● Records shown
(* With [y^k = e^{k ln y}], [al y1^k - y2^k + be y3^k] is [y2^k] times an [exp_comb]
   in [k] whose sign opposes that of [d k]; summing gives a contradiction. *)
Lemma power_series_pos_convex y1 y2 y3 : 0 < y1 -> y1 < y2 < y3 ->
  0 < Series (fun k => d k * y1 ^ k) -> 0 < Series (fun k => d k * y3 ^ k) ->
  0 < Series (fun k => d k * y2 ^ k).
Proof.
  intros Hy1 [H12 H23] P1 P3. apply Rnot_le_lt. intros P2.
  destruct (classic (exists k, 0 < d k)) as [Hpos|Hnone].
  2: { assert (Series (fun k => d k * y1 ^ k) <= 0); [|lra].
       apply Series_nonpos; [now apply d_summable|]. intros k.
       assert (d k <= 0) by (apply Rnot_lt_le; intros h; apply Hnone; now exists k).
       pose proof (pow_lt y1 k Hy1). nra. }
  destruct (nat_convex_interval (fun k => 0 < d k) d_pos_convex Hpos) as (s1 & s2 & H12' & Hiff).
  set (p := ln y2 - ln y1). set (q := ln y3 - ln y2).
  assert (Hp : 0 < p) by (unfold p; pose proof (ln_increasing y1 y2 Hy1 H12); lra).
  assert (Hq : 0 < q) by (unfold q; pose proof (ln_increasing y2 y3 ltac:(lra) H23); lra).
  destruct (exp_comb_opposes_sign p q s1 s2 Hp Hq H12') as (al & be & _ & Hal & Hbe & Hv).
  specialize (Hal ltac:(discriminate)).
  assert (Hpow : forall y k, 0 < y -> y ^ k = exp (ln y * INR k)).
  { intros y k Hy. rewrite <- Rpower_pow by exact Hy. unfold Rpower. now rewrite Rmult_comm. }
  assert (Hterm : forall k, d k * (al * y1 ^ k - y2 ^ k + be * y3 ^ k) <= 0).
  { intros k. rewrite !Hpow, exp_comb_factor by lra. fold p q.
    specialize (Hv (INR k) (d k) (Hiff k)). pose proof (exp_pos (ln y2 * INR k)). nra. }
  assert (Hcomb : forall k, d k * (al * y1 ^ k - y2 ^ k + be * y3 ^ k) =
    al * (d k * y1 ^ k) - d k * y2 ^ k + be * (d k * y3 ^ k)) by (intros; ring).
  assert (Hle : Series (fun k => al * (d k * y1 ^ k) - d k * y2 ^ k + be * (d k * y3 ^ k)) <= 0).
  { apply Series_nonpos; [apply ex_series_lin3; apply d_summable; lra|].
    intros k. rewrite <- Hcomb. apply Hterm. }
  rewrite Series_lin3 in Hle by (apply d_summable; lra).
  nra.
Qed.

● Work item
Report each line above that includes the string "exists".

● Solved problem
  destruct (classic (exists k, 0 < d k)) as [Hpos|Hnone].
       assert (d k <= 0) by (apply Rnot_lt_le; intros h; apply Hnone; now exists k).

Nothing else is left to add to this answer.